Smokers, head for your basements! The health Nazis, who never let fact stand in their way, are after us as never before in their ignominious past.
“Blitzburgher” Cope’s Nazi comparison was perhaps more apt than he knew. Robert Proctor writes in the British Medical Journal article, “The anti-tobacco campaign of the Nazis: a little known aspect of public health in Germany, 1933-45” that Hitler himself called tobacco, “the wrath of the Red Man against the White Man for having been given hard liquor.” Hitler catapulted his anti-smoker propaganda throughout the Reich, and passed anti-smoker legislation similar to that which still looms today in Harrisburg.

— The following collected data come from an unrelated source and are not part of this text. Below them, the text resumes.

Definition pmax (x : XB) := forall n, emax (sval x n).
Definition pmin (x : XB) := forall n, emin (sval x n).

Definition succ_edge n (e e' : edge B n) :=
  rng B e' = rng B e /\ rk e < rk e' /\
  forall e'' : edge B n, rng B e'' = rng B e -> rk e < rk e'' -> rk e' <= rk e''.

Definition succ_path (x y : XB) :=
  exists k, (forall j, j < k -> emax (sval x j)) /\ ~ emax (sval x k) /\
    succ_edge (sval x k) (sval y k) /\
    (forall j, k < j -> sval y j = sval x j) /\
    (forall j, j < k -> emin (sval y j)).

Definition continuous (f : XB -> XB) :=
  forall (x : XB) (N : nat), exists M, forall y : XB,
    (forall j, j < M -> sval y j = sval x j) ->
    forall j, j < N -> sval (f y) j = sval (f x) j.

Definition homeomorphism (f : XB -> XB) :=
  continuous f /\ exists g : XB -> XB,
    continuous g /\ (forall x, g (f x) = x) /\ (forall y, f (g y) = y).

Definition is_vershik (phi : XB -> XB) :=
  homeomorphism phi /\
  (forall x, ~ pmax x -> succ_path x (phi x)) /\
  (forall x, pmax x -> pmin (phi x)) /\
  (forall y, pmin y -> exists x, pmax x /\ phi x = y).

Definition perfect := exists phi, is_vershik phi.

Definition passes (x : XB) (v : V) := exists n, rng B (sval x n) = v.
Definition vertical (x : XB) := forall n, rng B (sval x n) = rng B (sval x 0).

Definition inTV (v : V) := exists x, pmax x /\ passes x v.
Definition inBV (v : V) := exists x, pmin x /\ passes x v.

Variable phi : XB -> XB.

(* sigma(tv) = bv, i.e. phi(M_tv) = m_bv *)
Definition sigma (tv bv : V) := exists x, pmax x /\ passes x tv /\ passes (phi x) bv.

Definition lex_lt (m n : nat) (p q : forall k, edge B k) :=
  exists k, m < k <= n /\ rk (p k) < rk (q k) /\
    forall j, k < j <= n -> p j = q j.

(* the two-letter word a b is a subword (factor) of w(u,m,n) *)
Definition occurs2 (u : V) (m n : nat) (a b : V) :=
  exists p q, finpath m n u p /\ finpath m n u q /\ lex_lt m n p q /\
    (forall r, finpath m n u r -> ~ (lex_lt m n p r /\ lex_lt m n r q)) /\
    src B (p m.+1) = a /\ src B (q m.+1) = b.

Definition tv_of (w tv : V) :=
  forall n, 2 <= n -> forall e : edge B n, rng B e = w -> emax e -> src B e = tv.
Definition bv_of (w bv : V) :=
  forall n, 2 <= n -> forall e : edge B n, rng B e = w -> emin e -> src B e = bv.

Definition well_telescoped :=
  (forall n, 1 <= n -> forall v : V, 2 <= #|[set e : edge B n | rng B e == v]|) /\
  (* (ii) is built into the representation *)
  (forall x, pmax x -> vertical x) /\ (forall x, pmin x -> vertical x) /\
  (forall w : V, exists tv bv, inTV tv /\ inBV bv /\ tv_of w tv /\ bv_of w bv) /\
  (forall (u : V) m n, 1 <= m -> m < n -> forall tv bv, inTV tv -> inBV bv ->
     occurs2 u m n tv bv -> sigma tv bv).

(* The associated graph H: vertices are pairs (bv, tv) with [bv,tv] nonempty *)
Definition cell (bv tv w : V) := tv_of w tv /\ bv_of w bv.
Definition Hvert (t : V * V) :=
  inBV t.1 /\ inTV t.2 /\ exists w, cell t.1 t.2 w.
Definition Hedge (t t' : V * V) := sigma t.2 t'.1.

Inductive Hreach : V * V -> V * V -> Prop :=
| Hreach_refl t : Hvert t -> Hreach t t
| Hreach_step t t' t'' : Hvert t -> Hvert t' -> Hedge t t' -> Hreach t' t'' ->
    Hreach t t''.

Definition strongly_connected :=
  forall t t', Hvert t -> Hvert t' -> Hreach t t'.
Definition weakly_connected :=
  forall t t', Hvert t -> Hvert t' -> Hreach t t' \/ Hreach t' t.

End Diagram.

From Pilot Require Import Defs.
From mathcomp Require Import all_boot zify.
From Stdlib Require Import IndefiniteDescription.
Set Implicit Arguments.
Unset Strict Implicit.
Unset Printing Implicit Defensive.

(* Write [w] for the H-vertex [bv(w), tv(w)]; every vertex of H has this form,
   and there is an H-edge [a] -> [b] exactly when sigma(tv(a)) = bv(b).
   The key fact (succ_sigma_eventually) is that beyond some level K, whenever
   e' is the successor of e in a fiber, sigma(tv(src e)) = bv(src e').  It
   comes from the Vershik map: splice e into the maximal path through
   tv(src e) at a high level; the successor of the spliced path is e' at that
   level and minimal below, so it starts at bv(src e'); by continuity of phi
   it starts where phi of the maximal path does.
   Inducting along fibers, [src e0] reaches [src e] whenever e0 <= e lie in a
   fiber beyond level K, and then every path from level L > K up to a vertex
   y passes through vertices lying between bv(y) and tv(y) in H.
   (2) In class A a vertex y of the last block receives edges from all
   vertices, so [w] and [w'] are comparable through the fiber of y.
   (1) In a simple diagram, paths from w and w' reach the sources of two
   edges a < b of one fiber, giving [w] -> [tv(src a)] -> [bv(src b)] -> [w']. *)

Section Diagram.
Variables (V : finType) (B : bratteli V).
Lemma dense_preimage_closureC (S : set Y) : nowhere_dense S ->
  dense (pi @^-1` ~` closure S).
Proof.
move=> ndS W W0 oW.
have [x' [Wx' Om0x']] := Om0_dense W0 oW.
have : ~ small_image pi W `<=` closure S.
  move=> sub; suff : interior (closure S) (pi x') by rewrite ndS.
  apply: filterS sub _; apply: open_nbhs_nbhs.
  by split; [exact: small_image_open|exact: small_image_Om0].
move=> /existsNP[s /not_implyP[Ws nS]]; have [x'' px''] := pi_onto s.
by exists x''; split; [apply: Ws|rewrite /= px''].
Qed.

Lemma residual_preimage (B : set Y) : first_category B ->
  exists Om : set X, [/\ Gdelta Om, dense Om & forall x, Om x -> ~ B (pi x)].
Proof.
move=> [F [ndF BF]].
have oF n : open (pi @^-1` ~` closure (F n)).
  by apply: open_comp => [x _|]; [exact: cpi|rewrite openC; exact: closed_closure].
exists (\bigcap_n pi @^-1` ~` closure (F n)); split.
- by exists (fun n => pi @^-1` ~` closure (F n)).
- by apply: Baire_compact => // n; split; [exact: oF|exact: dense_preimage_closureC].
- by move=> x Omx /BF [n _ Fn]; apply: (Omx n Logic.I); exact: subset_closure.
Qed.

Lemma top_char_factor_of_meager d (B : set Y) : first_category B ->
  (forall y, ~ B y -> progressions_meet_once A d.+1 y) ->
  top_char_factor T Ti pi d.+1.
Proof.
move=> /residual_preimage[Om [GOm dOm OmB]] once.
by exists Om; split => // x /OmB /once; exact: Lx_saturated.
Qed.

End AlmostOneToOneExtension.

Theorem theorem6p2 (R : realType) (X : pseudoMetricType R) (T Ti : X -> X)
  (Y : topologicalZmodType) (a : Y) (pi : X -> Y) :
  compact [set: X] -> hausdorff_space X ->
  continuous T -> continuous Ti -> cancel T Ti -> cancel Ti T ->
  minimal_system T ->
  max_equicontinuous_factor T a pi ->
  almost_one_to_one pi ->
  let A := [set y : Y | exists x1 x2 : X, [/\ x1 <> x2, pi x1 = y & pi x2 = y]] in
  (first_category (set_sub (scale_set 2%:Q A) A) -> top_char_factor T Ti pi 2)
  /\
  (forall d : nat, (3 <= d)%N -> first_category (B_set d A) ->
     top_char_factor T Ti pi d).
Proof.
move=> cX _ cT _ TK TiK minT [cY hY [cpi pi_onto piT] _].
move=> [Om0 [_ Om0_dense Om0_fibre]] A.
have a_dense := multiples_dense cT minT cpi pi_onto piT.
have once d y : ~ B_set d A y -> progressions_meet_once A d y.
  apply: B_set_progressions (multi_fibres_shift TK piT) _ d y.
  exact: natmul_cosets cY hY a_dense.
have char_factor := top_char_factor_of_meager cX cT TiK minT cY hY cpi pi_onto piT
  Om0_dense Om0_fibre.
split => [meager2|[|d] // d3 meagerB].
- by apply: char_factor meager2 _ => y nB; apply: once => /B_set2_sub.
- exact: char_factor meagerB (once d.+1).
Qed.
Lemma spider_phi_shape : phi_shape (spider n) root.
Proof.
split; first exact: deg_spider_root.
  by move=> y; rewrite neq_root => /deg_spider_nonroot ->; case: (_ < n); [right|left].
move=> y z yz; have [y_root|] := eqVneq y root; first by rewrite y_root deg_spider_root.
rewrite neq_root => y_gt0; rewrite deg_spider_nonroot // => y_leaf.
move: yz; rewrite /spider /parent_tree y_gt0 /spider_parent /=.
have z_lt := ltn_ord z; have y_lt := ltn_ord y.
case: ifP => y_le4; first lia.
move=> /orP[/eqP z_eq|]; last by case: ifP; lia.
rewrite deg_spider_nonroot; lia.
Qed.

Lemma spider_chemical_tree : chemical_tree (spider n).
Proof.
split; first exact: parent_tree_is_tree spider_parent_lt n_gt0.
case: spider_phi_shape => d_root d_other _ y.
have [->|/d_other] := eqVneq y root; first by rewrite d_root.
by case=> ->.
Qed.

End Spider.

Local Open Scope ring_scope.

Lemma ler_sum_term (R : numDomainType) (I : finType) (P : pred I) (F : I -> R) a :
  (forall i, P i -> 0 <= F i) -> P a -> F a <= \sum_(i | P i) F i.
Proof. by move=> F_ge0 Pa; rewrite (bigD1 a) //= lerDl sumr_ge0 // => i /andP[/F_ge0]. Qed.

Lemma ler_sum_terms2 (R : numDomainType) (I : finType) (F : I -> R) a b :
  (forall i, 0 <= F i) -> a != b -> F a + F b <= \sum_i F i.
Proof.
move=> F_ge0 ab; rewrite (bigD1 a) //= lerD2l.
by apply: (ler_sum_term (P := fun i => i != a)) => //; rewrite eq_sym.
Qed.

Section EdgeIndex.
Variable R : realDomainType.
Variables (f : nat -> nat -> R) (w : nat -> R) (lam mu : R).

Definition edge_index n (e : rel 'I_n) : R :=
  \sum_(p in edges e) f (deg e p.1) (deg e p.2).

Definition defect (d : nat) : R := d%:R * w d - lam * (d%:R - 2) - mu.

But, despite all the bans, taxes, and bogeyman-Jew-face-in-smoke-cloud posters, “German per capita tobacco use between 1932 and 1939 rose from 570 to 900 cigarettes a year,” Proctor writes. Perhaps the über-progressive Führer consoled himself with the knowledge that, as Proctor again notes, “According to Germany’s national accounting office, by 1941 tobacco taxes constituted about one twelfth of the government’s entire income.” What became of all those Reichsmarks, I wonder? Perhaps Adolf earmarked them für die Kinder.
Perhaps, too, it is appropriate that Cope’s death came on the demisesquicentennial anniversary of the Reichstag fire in 1933, the seminal (and liminal) false-flag event which led to Hitler’s seizure of dictatorial power.
Anyhow, namaste, Myron. If you run afoul of Nazis while traversing those bardos, give ‘em hell, then keep going!